The working group also identified barriers to harmonizing questionnaire information. There are multiple context-dependent ways to ask about an individual’s “sleep quality” or “sleep duration.” For example, “good sleep quality” may be perceived differently for young, working adults compared to older, retired adults. More specifically, the lack of context about whether the measure applies to either work or free days (or both) is limited. In addition, even when these questions are standardized, they are strongly influenced by social, ethnic, racial, and national differences. Current normative data, when available, often fail to adequately capture the influence of these factors. Furthermore, use of standardized and validated measures may be limited by access, licensing, fees, and copyright. Lastly, even when high quality data are available, substantial barriers to sharing still exist, and include some technological barriers outlined in this report, as well as lack of incentives for doing the often-time-consuming work associated with data sharing, even when infrastructure and desire to do so are present.

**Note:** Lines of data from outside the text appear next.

Lemma strange_indices_distinct_points p q S j k : p \in X -> q \in X -> p != q ->
  is_support e p S -> (2 < #|S|)%N ->
  strange_index e p S j -> strange_index e q S k -> j = k.
Proof.
move=> pX qX pq supp S2 [jS [c [lam [c0 prep lam1 lam_min lj]]]].
move=> [kS [d [mu [d0 qrep mu1 [m1 m1S mm1] mk]]]].
have [t tS] := support_proper supp c0 prep lam1 lam_min.
have [m0 m0S lm0] := lam_min.
have lam_one := other_coords_one pX c0 prep lam1 m0S lm0 jS lj tS.
have mu_one := other_coords_one qX d0 qrep mu1 m1S mm1 kS mk tS.
apply/eqP; apply: contraT => jk; exfalso.
have [m mS /andP [mj mk']] := exists_third j k S2.
have mt : m != t by apply: contraNneq tS => <-.
apply: (separated_not_good HXgood HEX _ _ _ (two_points_separated c0 prep d0 qrep
  lam1 mu1 lam_one mu_one jS kS jk lj mk mS mj mk' tS pq)).
- by move=> a; rewrite !inE => /orP [/eqP -> | /eqP ->].
- by rewrite /= andbT inE.
- by have := cardsC [set m; t]; rewrite cards2 mt card_ord.
Qed.

End PointsOfX.

End Simplex.

Theorem proposition6p3 (R : realFieldType) (n : nat)
  (e : 'I_n.+1 -> 'rV[R]_n) (X : seq 'rV[R]_n)
  (He_simplex : affinely_independent e)
  (He_sum : \sum_i e i = 0)
  (HX0 : 0 \notin X)
  (HEX : forall i, e i \in X)
  (HXmult : forall x y, x \in X -> y \in X -> forall c : R, 0 < c ->
              x = c *: y -> x = y)
  (HXgood : forall A : seq 'rV[R]_n, uniq A -> size A = n.+1 ->
              {subset A <= X} -> good_position A)
  (p q : 'rV[R]_n) (Hp : p \in X) (Hq : q \in X)
  (S : {set 'I_n.+1})
  (HSp : is_support e p S) (HSq : is_support e q S)
  (HS2 : (2 < #|S|)%N) :
  forall j k : 'I_n.+1,
    strange_index e p S j -> strange_index e q S k -> j = k.
Proof.
move=> j k; have [<- | pq] := eqVneq p q.
  exact: (strange_index_unique He_simplex He_sum HEX HXgood Hp HSp).
exact: (strange_indices_distinct_points He_simplex He_sum HEX HXgood Hp Hq pq HSp HS2).
Qed.
Lemma step_shortest i :
  (i < tau)%nat ->
  path_len (ys i) (Ps (S i)) < 1 /\
  (forall Q, is_Lpath m tl hd s t L Q -> path_len (ys i) (Ps (S i)) <= path_len (ys i) Q).
Proof.
  intros Hi. destruct (run i Hi) as [[a [[[P0 [HP0 <-]] _] Ha]] [_ [Hmin _]]].
  split; [specialize (Hmin P0 HP0); lra|exact Hmin].
Qed.

Lemma step_bottleneck i :
  (i < tau)%nat -> exists e0, In e0 (Ps (S i)) /\ c e0 = cs (S i).
Proof. intros Hi. destruct (run i Hi) as [_ [_ [_ [[He0 _] _]]]]. exact He0. Qed.

Lemma step_amount_pos i : (i < tau)%nat -> 0 < cs (S i).
Proof.
  intros Hi. destruct (step_bottleneck i Hi) as [e0 [He0 <-]].
  apply cap_pos, (Lpath_edges_lt _ _ _ _ _ _ _ (step_path i Hi) e0 He0).
Qed.

Lemma step_ratio i e :
  (i < tau)%nat -> In e (Ps (S i)) -> 0 < cs (S i) / c e <= 1.
Proof.
  intros Hi He. destruct (run i Hi) as [_ [HP [_ [[[e0 [He0 <-]] Hcap] _]]]].
  pose proof (cap_pos e (Lpath_edges_lt _ _ _ _ _ _ _ HP e He)).
  pose proof (cap_pos e0 (Lpath_edges_lt _ _ _ _ _ _ _ HP e0 He0)).
  pose proof (Hcap e He). split.
  - apply Rdiv_lt_0_compat; lra.
  - apply (Rmult_le_reg_r (c e)); [lra|]. unfold Rdiv. rewrite Rmult_assoc, Rinv_l; lra.
Qed.

Lemma step_flow i : (i < tau)%nat -> xs (S i) = xs i ++ [(Ps (S i), cs (S i))].
Proof. intros Hi. apply (run i Hi). Qed.

Lemma step_update i e :
  (i < tau)%nat -> (e < m)%nat ->
  ys (S i) e = if in_dec Nat.eq_dec e (Ps (S i))
               then ys i e * (1 + eps * (cs (S i) / c e)) else ys i e.
Proof.
  intros Hi He. destruct (run i Hi) as [_ [_ [_ [_ [_ Hupd]]]]].
  rewrite Hupd by exact He. unfold Rdiv. rewrite Rmult_assoc. reflexivity.
Qed.
(* Let $n\ge1$ and let $\alpha=(\alpha_t)_{t\ge2},\beta=(\beta_t)_{t\ge2},\gamma=(\gamma_t)_{t\ge2},\delta=(\delta_t)_{t\ge2}$ be sequences of nonnegative integers. The number of Type OC permutations $\sigma\in\mathfrak S_n$ with $\mathrm{nu}_t(\sigma)=\alpha_t$, $\mathrm{cu}_t(\sigma)=\beta_t$, $\mathrm{nl}_t(\sigma)=\gamma_t$, $\mathrm{cl}_t(\sigma)=\delta_t$ for all $t\ge2$ equals the number of Type OC permutations $\sigma\in\mathfrak S_n$ with $\mathrm{nu}_t(\sigma)=\beta_t$, $\mathrm{cu}_t(\sigma)=\alpha_t$, $\mathrm{nl}_t(\sigma)=\delta_t$, $\mathrm{cl}_t(\sigma)=\gamma_t$ for all $t\ge2$. That is, the label $(\mathrm{nu}_2,\dots;\mathrm{cu}_2,\dots;\mathrm{nl}_2,\dots;\mathrm{cl}_2,\dots)$ and the label $(\mathrm{cu}_2,\dots;\mathrm{nu}_2,\dots;\mathrm{cl}_2,\dots;\mathrm{nl}_2,\dots)$ are equidistributed over Type OC permutations of $[n]$.
   Context: For $\sigma\in\mathfrak S_n$: the upper arcs of $\sigma$ are the pairs $(a,\sigma(a))$ with $a\le\sigma(a)$ (a fixed point gives a loop $(a,a)$); the lower arcs are the pairs $(\sigma(a),a)$ with $\sigma(a)<a$. An element $x\in[n]$ is an upper opener if $x\le\sigma(x)$, an upper closer if $\sigma^{-1}(x)\le x$, a lower opener if $\sigma^{-1}(x)>x$, and a lower closer if $\sigma(x)<x$. For $t\ge2$: an upper $t$-crossing (enhanced) is a set of $t$ upper arcs $(a_1,b_1),\dots,(a_t,b_t)$ with $a_1<\dots<a_t\le b_1<b_2<\dots<b_t$; an upper $t$-nesting (enhanced) is a set of $t$ upper arcs with $a_1<\dots<a_t\le b_t<b_{t-1}<\dots<b_1$; a lower $t$-crossing is a set of $t$ lower arcs $(c_1,d_1),\dots,(c_t,d_t)$ with $c_1<\dots<c_t<d_1<\dots<d_t$; a lower $t$-nesting is a set of $t$ lower arcs with $c_1<\dots<c_t<d_t<\dots<d_1$. Let $\mathrm{nu}_t(\sigma),\mathrm{cu}_t(\sigma),\mathrm{nl}_t(\sigma),\mathrm{cl}_t(\sigma)$ be the numbers of upper $t$-nestings, upper $t$-crossings, lower $t$-nestings and lower $t$-crossings of $\sigma$. $\sigma$ is of Type OC if there are integers $0=s_0<s_1<\dots<s_r=n$ such that each interval $I=[s_{q-1}+1,s_q]$ satisfies $\sigma(I)=I$ and: (a) every lower opener in $I$ is strictly smaller than every lower closer in $I$ (in particular no element is both); (b) there are no $x<y$ in $I$ with $x$ an upper closer and $y$ an upper opener. *)

(* Elements of [n] are represented 0-based by 'I_n
   (order-preserving shift x |-> x-1), permutations by 'S_n. *)
From Stdlib Require Import ClassicalEpsilon.
From HB Require Import structures.
From mathcomp Require Import all_boot all_order all_fingroup.
Set Implicit Arguments. Unset Strict Implicit. Unset Printing Implicit Defensive.

Definition pbool (P : Prop) : bool :=
  if excluded_middle_informative P then true else false.

Section Perm.
Variable n : nat.
Implicit Types (s : 'S_n) (x y : 'I_n).

Definition upper_opener s x : bool := (x <= s x)%N.
Definition upper_closer s x : bool := ((s^-1)%g x <= x)%N.
Definition lower_opener s x : bool := (x < (s^-1)%g x)%N.
Definition lower_closer s x : bool := (s x < x)%N.

(* Upper arcs (a, s a) with a <= s a are indexed by their opener a;
   lower arcs (s a, a) with s a < a are indexed by their opener c = s a,
   whose closer is d = s^-1 c.  A t-crossing / t-nesting is a set of t arcs,
   counted as a strictly increasing t-tuple of openers a_1 < ... < a_t. *)
Definition incr t (f : {ffun 'I_t -> 'I_n}) : bool :=
  [forall i : 'I_t, forall j : 'I_t, (i < j)%N ==> (f i < f j)%N].

Definition cu t s : nat :=
  #|[set f : {ffun 'I_t -> 'I_n} | [&& incr f,
      [forall i : 'I_t, upper_opener s (f i)],
      [forall i : 'I_t, forall j : 'I_t, (f i <= s (f j))%N] &
      [forall i : 'I_t, forall j : 'I_t, (i < j)%N ==> (s (f i) < s (f j))%N]]]|.

Definition nu t s : nat :=
  #|[set f : {ffun 'I_t -> 'I_n} | [&& incr f,
      [forall i : 'I_t, upper_opener s (f i)],
      [forall i : 'I_t, forall j : 'I_t, (f i <= s (f j))%N] &
      [forall i : 'I_t, forall j : 'I_t, (i < j)%N ==> (s (f j) < s (f i))%N]]]|.

Definition cl t s : nat :=
  #|[set f : {ffun 'I_t -> 'I_n} | [&& incr f,
      [forall i : 'I_t, lower_opener s (f i)],
      [forall i : 'I_t, forall j : 'I_t, (f i < (s^-1)%g (f j))%N] &
      [forall i : 'I_t, forall j : 'I_t, (i < j)%N ==> ((s^-1)%g (f i) < (s^-1)%g (f j))%N]]]|.

Definition nl t s : nat :=
  #|[set f : {ffun 'I_t -> 'I_n} | [&& incr f,
      [forall i : 'I_t, lower_opener s (f i)],
      [forall i : 'I_t, forall j : 'I_t, (f i < (s^-1)%g (f j))%N] &
      [forall i : 'I_t, forall j : 'I_t, (i < j)%N ==> ((s^-1)%g (f j) < (s^-1)%g (f i))%N]]]|.

(* The interval [lo+1, hi] of [n], 0-based: {x | lo <= x < hi}. *)
Definition block (lo hi : nat) : {set 'I_n} := [set x : 'I_n | (lo <= x < hi)%N].

Definition good_block s (I : {set 'I_n}) : Prop :=
  [/\ s @: I = I,
      (forall x y, x \in I -> y \in I ->
         lower_opener s x -> lower_closer s y -> (x < y)%N) &
      (forall x y, x \in I -> y \in I -> (x < y)%N ->
         ~ (upper_closer s x /\ upper_opener s y))].

(* Type OC: breakpoints 0 = s_0 < s_1 < ... < s_r = n (r >= 1),
   given by the list cuts = [s_1; ...; s_r]. *)
Definition typeOC s : Prop :=
  exists cuts : seq nat,
    [/\ cuts != [::], sorted ltn (0 :: cuts), last 0 cuts = n &
        forall p, p \in zip (0 :: cuts) cuts -> good_block s (block p.1 p.2)].

Definition label_ok s (a b c d : nat -> nat) : Prop :=
  typeOC s /\ forall t, (2 <= t)%N ->
    [/\ nu t s = a t, cu t s = b t, nl t s = c t & cl t s = d t].

End Perm.

(* Call k a closed prefix of s when s maps {x < k} into itself, and say that
   x and y lie in the same block of s when no closed prefix separates them.
   The blocks are s-stable intervals, and every interval of a Type OC
   decomposition is a union of blocks.  We build a map Phi that keeps every
   opener of s in place and, inside each block, mirrors the closers: the upper
   arc (a, s a) becomes (a, b') where b' is the upper closer whose rank among
   the upper closers of the block is reversed, and lower arcs are treated
   symmetrically by mirroring their closers among the lower closers.

   Mirroring reverses the relative order of the closers of two arcs, so it
   turns t-crossings into t-nestings and back, once we know that the arcs
   still overlap.  This is where the OC condition enters, in the weaker form
   [block_ordered]: inside a block, lower openers precede lower closers and
   no upper closer precedes an upper opener.  Under this condition Phi
   preserves openers, closers, closed prefixes and blocks, hence it is an
   involution on block-ordered permutations which preserves Type OC and
   swaps nu with cu and nl with cl.  The theorem follows since Phi injects
   each label class into the swapped one. *)
From Stdlib Require Import ClassicalEpsilon.
From HB Require Import structures.
From mathcomp Require Import all_boot all_order all_fingroup.
From mathcomp Require Import zify.
Set Implicit Arguments. Unset Strict Implicit. Unset Printing Implicit Defensive.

As part of the discussion, common data sources and data types were identified and are listed in Table 1. The working group focused on commonly used and available information sources, as well as the most typical data types collected from these sources, rather than a comprehensive list of all sleep and circadian self-reported instruments. Notably, the comparability of findings across studies has been complicated by widespread variability in the phenotypic assessment of sleep variables. For instance, assessments range from single items to comprehensive diagnostic interviews such as the Diagnostic Interview for Sleep Patterns and Disorders, a computerized interview for both sleep patterns and screening for a wide range of sleep disorders in the NIH Toolkit, as well as the more recent Structured Clinical Interview for DSM-5 Sleep Disorders Module [28].

Table 1.

Common data sources and terms associated with questionnaire-based sleep and circadian assessments

Types Examples
Common data sources Validated questionnaires PSQI, ESS, MCTQ
Specific questions Do you snore?
Sleep diaries Diaries for sleep–wake pattern assessments or for informing actigraphy studies
Interviews Structured and unstructured
Observer reports Parent reports
Clinical notes Notes in electronic health records
Ecological momentary assessments Social network data
Passive data sensing Smart Speakers
Common data terms Sleep quality and restfulness Good sleep quality, feel rested
Daytime symptoms and consequences Excessively sleepy
Sleep timing and chronotype Morning or evening types
Self-reported quantitative data Sleep latency, sleep duration, time spent awake
Sleep disorder related symptoms Snoring, witnessed apneas, restless legs, sleepwalking
Medication or substance use Sleep aids, melatonin
Contextual variables Sleep environment, social and physical factors, use of electronics, consumption of caffeine
Attitudes and beliefs about sleep Cultural factors (e.g. “siesta”)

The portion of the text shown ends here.